The connector supports queries using the MapReduce and Tez execution engines, creating and deleting BigQuery tables from Hive, and joining BigQuery and BigLake tables with Hive tables. It also supports fast reads from BigQuery tables using Storage Read API streams and Apache Arrow format.

Source: Google Data Analytics Blog

According to cloud providers, Hive-BigQuery connectors can help companies in scenarios such as ensuring operational continuity during migration, using BigQuery for a subset of their data warehouse needs, and maintaining a full open-source software stack.

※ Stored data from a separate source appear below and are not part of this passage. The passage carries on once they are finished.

Lemma Cmod_weight_le m a : 0 <= mass a -> Rabs (fst (pt a)) <= 1 -> Rabs (snd (pt a)) <= 1 ->
  Cmod (weight m a) <= 2 * mass a / win_len m ^ 2.
Proof.
  intros Ma H1 H2. unfold weight.
  pose proof (win_kernel_neq0 m _ H1). pose proof (win_kernel_neq0 m _ H2).
  rewrite Cmod_div by (apply Cmult_neq_0; auto). rewrite Cmod_mult, Cmod_R, Rabs_right by lra.
  pose proof (win_kernel_lower m _ H1). pose proof (win_kernel_lower m _ H2).
  pose proof (win_len_ge1 m).
  set (u := Cmod (win_kernel m (fst (pt a)))) in *.
  set (v := Cmod (win_kernel m (snd (pt a)))) in *.
  assert (win_len m ^ 2 / 2 <= u * v).
  { apply Rle_trans with ((7/8 * win_len m) * (7/8 * win_len m)); [nra|].
    apply Rmult_le_compat; nra. }
  unfold Rdiv. apply Rmult_le_reg_r with (u * v * win_len m ^ 2); [apply Rmult_lt_0_compat; nra|].
  replace (mass a * / (u * v) * (u * v * win_len m ^ 2)) with (mass a * win_len m ^ 2)
    by (field; nra).
  replace (2 * mass a * / win_len m ^ 2 * (u * v * win_len m ^ 2)) with (2 * mass a * (u * v))
    by (field; nra).
  nra.
Qed.

Lemma lattice_coef_l2_bound m R1 R2 mu M : 1 <= R1 -> 1 <= R2 -> valid_measure mu ->
  (forall xi1 xi2, box_mass mu R1 R2 xi1 xi2 <= M) ->
  box_sumR (lattice_radius m R1) (lattice_radius m R2) (fun p => Cmod (lattice_coef m mu p) ^ 2)
    <= 40000 * R1 * R2 * M * total_mass mu / win_len m ^ 2.
Proof.
  intros HR1 HR2 Vm HM. pose proof (win_len_ge1 m). set (n := win_len m) in *.
  assert (Hn : 0 < / n ^ 2) by (apply Rinv_0_lt_compat; nra).
  set (F := fun a a' => fejer m (lattice_radius m R1) (fst (pt a) - fst (pt a')) *
                        fejer m (lattice_radius m R2) (snd (pt a) - snd (pt a'))).
  eapply Rle_trans; [apply lattice_coef_l2_le|].
  apply Rle_trans with (sumR mu (fun a => 2 * mass a / n ^ 2 *
    (2 / n ^ 2 * sumR mu (fun a' => mass a' * F a a')))).
  { apply sumR_le; intros a Ha. destruct (valid_measure_In mu a Vm Ha) as [Ma [A1 A2]].
    rewrite <- !sumR_scal. apply sumR_le; intros a' Ha'.
    destruct (valid_measure_In mu a' Vm Ha') as [Ma' [A1' A2']].
    assert (0 <= F a a') by (apply Rmult_le_pos; apply fejer_ge0).
    pose proof (Cmod_weight_le m a Ma A1 A2) as Hw.
    pose proof (Cmod_weight_le m a' Ma' A1' A2') as Hw'.
    fold n in Hw, Hw'. change (fejer _ _ _ * fejer _ _ _) with (F a a').
    replace (2 * mass a / n ^ 2 * (2 / n ^ 2 * (mass a' * F a a')))
      with (2 * mass a / n ^ 2 * (2 * mass a' / n ^ 2) * F a a') by (unfold Rdiv; ring).
    apply Rmult_le_compat_r; auto. apply Rmult_le_compat; auto using Cmod_ge_0. }
  apply Rle_trans with (sumR mu (fun a => 2 * mass a / n ^ 2 *
    (2 / n ^ 2 * (10000 * n ^ 2 * R1 * R2 * M)))).
  { apply sumR_le; intros a Ha. destruct (valid_measure_In mu a Vm Ha) as [Ma [A1 A2]].
    apply Rmult_le_compat_l; [unfold Rdiv; nra|]. apply Rmult_le_compat_l; [unfold Rdiv; lra|].
    apply (fejer_schur_bound m R1 R2 mu M (pt a)); auto. }
  rewrite (sumR_ext _ _ (fun a =>
    mass a * (2 / n ^ 2 * (2 / n ^ 2 * (10000 * n ^ 2 * R1 * R2 * M)))))
    by (intros; unfold Rdiv; ring).
  rewrite sumR_scal_r, <- total_mass_sumR. apply Req_le. field. lra.
Qed.

Lemma discrete_osc_sum_bound m R1 R2 mu nu Mmu Mnu : 1 <= R1 -> 1 <= R2 ->
  valid_measure mu -> valid_measure nu ->
  (forall xi1 xi2, box_mass mu R1 R2 xi1 xi2 <= Mmu) ->
  (forall xi1 xi2, box_mass nu R1 R2 xi1 xi2 <= Mnu) ->
  Cmod (discrete_osc_sum m R1 R2 mu nu)
    <= 200 * sqrt (R1 * R2 * total_mass mu * total_mass nu * Mmu * Mnu).
Proof.
  intros HR1 HR2 Vm Vn HMm HMn. pose proof (win_len_ge1 m).
  assert (HMm0 : 0 <= Mmu) by (eapply Rle_trans; [apply (box_mass_ge0 mu R1 R2 0 0 Vm)|apply HMm]).
  assert (HMn0 : 0 <= Mnu) by (eapply Rle_trans; [apply (box_mass_ge0 nu R1 R2 0 0 Vn)|apply HMn]).
  pose proof (total_mass_ge0 mu Vm). pose proof (total_mass_ge0 nu Vn).
  assert (Hsq : Cmod (discrete_osc_sum m R1 R2 mu nu) ^ 2 <=
                200 ^ 2 * (R1 * R2 * total_mass mu * total_mass nu * Mmu * Mnu)).
  { eapply Rle_trans; [apply discrete_osc_sum_sqr_le; auto|].
    assert (0 <= total_mass nu * win_len m ^ 2) by (apply Rmult_le_pos; [auto|apply pow2_ge_0]).
    eapply Rle_trans.
    { apply Rmult_le_compat_l; auto. eapply Rle_trans.
      - apply (window_sumR_le_box_mass m R1 R2 nu Mnu); auto. intros; apply pow2_ge_0.
      - apply Rmult_le_compat_l; auto. apply (lattice_coef_l2_bound m R1 R2 mu Mmu); auto. }
    apply Req_le. field. lra. }
  rewrite <- (sqrt_pow2 (Cmod _)) by apply Cmod_ge_0.
  rewrite <- (sqrt_pow2 200) by lra. rewrite <- sqrt_mult_alt by nra.
  apply sqrt_le_1_alt. exact Hsq.
Qed.

Lemma osc_sum_le_discretized m R1 R2 mu nu Mmu Mnu : 1 <= R1 -> 1 <= R2 ->
  valid_measure mu -> valid_measure nu ->
  (forall xi1 xi2, box_mass mu R1 R2 xi1 xi2 <= Mmu) ->
  (forall xi1 xi2, box_mass nu R1 R2 xi1 xi2 <= Mnu) ->
  Cmod (osc_sum R1 R2 mu nu) <= 200 * sqrt (R1 * R2 * total_mass mu * total_mass nu * Mmu * Mnu)
    + total_mass mu * total_mass nu / win_len m.
Proof.
  intros. pose proof (discrete_osc_sum_bound m R1 R2 mu nu Mmu Mnu) as HS.
  pose proof (discretization_error m R1 R2 mu nu) as HE.
  replace (osc_sum R1 R2 mu nu) with (Cplus (discrete_osc_sum m R1 R2 mu nu)
    (Cminus (osc_sum R1 R2 mu nu) (discrete_osc_sum m R1 R2 mu nu))) by ring.
  eapply Rle_trans; [apply Cmod_triangle|]. apply Rplus_le_compat; auto.
Qed.

Lemma le_of_forall_le_add_div_win_len (x y c : R) : (forall m, x <= y + c / win_len m) -> x <= y.
Proof.
  intros H. destruct (Rle_lt_dec x y) as [|Hxy]; auto. exfalso.
  destruct (archimed (Rabs c / (x - y))) as [U _].
  assert (Hup : (0 <= up (Rabs c / (x - y)))%Z).
  { apply le_IZR. apply Rlt_le, Rle_lt_trans with (2 := U).
    apply Rmult_le_pos; [apply Rabs_pos|apply Rlt_le, Rinv_0_lt_compat; lra]. }
  set (m := Z.to_nat (up (Rabs c / (x - y)))).
  assert (HmZ : INR m = IZR (up (Rabs c / (x - y))))
    by (unfold m; rewrite INR_IZR_INZ, Z2Nat.id; auto).
  assert (Hm : Rabs c / (x - y) < win_len m) by (unfold win_len; pose proof (pos_INR m); lra).
  specialize (H m). pose proof (win_len_ge1 m).
  assert (c / win_len m < x - y).
  { apply Rle_lt_trans with (Rabs c / win_len m).
    - unfold Rdiv. apply Rmult_le_compat_r; [apply Rlt_le, Rinv_0_lt_compat; lra|apply Rle_abs].
    - apply Rmult_lt_reg_r with (win_len m); [lra|].
      unfold Rdiv. rewrite Rmult_assoc, Rinv_l, Rmult_1_r by lra.
      apply Rmult_lt_reg_r with (/ (x - y)); [apply Rinv_0_lt_compat; lra|].
      replace ((x - y) * win_len m * / (x - y)) with (win_len m) by (field; lra). exact Hm. }
  lra.
Qed.

Lemma sqrt_mult6 a b c d e f : 0 <= a -> 0 <= b -> 0 <= c -> 0 <= d -> 0 <= e -> 0 <= f ->
  sqrt (a * b * c * d * e * f) = sqrt (a * b) * sqrt c * sqrt d * sqrt e * sqrt f.
Proof. intros. rewrite !sqrt_mult_alt; repeat apply Rmult_le_pos; auto. Qed.

Theorem lemma6p1 :
  exists C0 : R, forall (R1 R2 : R) (mu nu : fmeasure) (Mmu Mnu : R),
    1 <= R1 -> 1 <= R2 ->
    valid_measure mu -> valid_measure nu ->
    is_M mu R1 R2 Mmu -> is_M nu R1 R2 Mnu ->
    Cmod (osc_sum R1 R2 mu nu) <=
      C0 * sqrt (R1 * R2) * sqrt (total_mass mu) * sqrt (total_mass nu)
         * sqrt Mmu * sqrt Mnu.
Proof.
  exists 200. intros R1 R2 mu nu Mmu Mnu HR1 HR2 Vm Vn [HMm _] [HMn _].
  assert (0 <= Mmu) by (eapply Rle_trans; [apply (box_mass_ge0 mu R1 R2 0 0 Vm)|apply HMm]).
  assert (0 <= Mnu) by (eapply Rle_trans; [apply (box_mass_ge0 nu R1 R2 0 0 Vn)|apply HMn]).
  pose proof (total_mass_ge0 mu Vm). pose proof (total_mass_ge0 nu Vn).
  replace (200 * sqrt (R1 * R2) * _ * _ * _ * _)
    with (200 * sqrt (R1 * R2 * total_mass mu * total_mass nu * Mmu * Mnu))
    by (rewrite sqrt_mult6 by (auto; lra); ring).
  apply (le_of_forall_le_add_div_win_len _ _ (total_mass mu * total_mass nu)). intros m.
  apply osc_sum_le_discretized; auto.
Qed.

With the BigQuery Migration Service, Google already supports the BigQuery Batch SQL Translator and the Interactive SQL Translator, converting Hive queries to BigQuery’s own ANSI-compliant SQL syntax. Farip explains:

The new Hive-BigQuery connector has one additional option. He can keep the original queries in HiveQL language and continue to execute those queries in his Hive execution engine on the cluster, but the data migrated to BigQuery and BigLake tables will be accessible to those queries.

This is not the first open-source connector Google has released to reduce data transformations and enable analysis of diverse datasets. The Cloud Storage Connector implements the Hadoop Compatible File System (HCFS) API for storing and accessing data files in Cloud Storage. The Apache Spark SQL connector for BigQuery, on the other hand, implements the Spark SQL data source API for reading BigQuery tables into DataFrames in Spark and writing DataFrames back to BigQuery.

The Hive-BigQuery connector supports Dataproc 2.0 and 2.1. Google has outlined some limitations regarding partitioning. The Hive PARTITIONED BY clause is not supported due to differences in Hive and BigQuery partitioning behavior. However, developers can continue to use time-scaled columns and ingestion time partitioning options supported by BigQuery.

The connector is available on GitHub.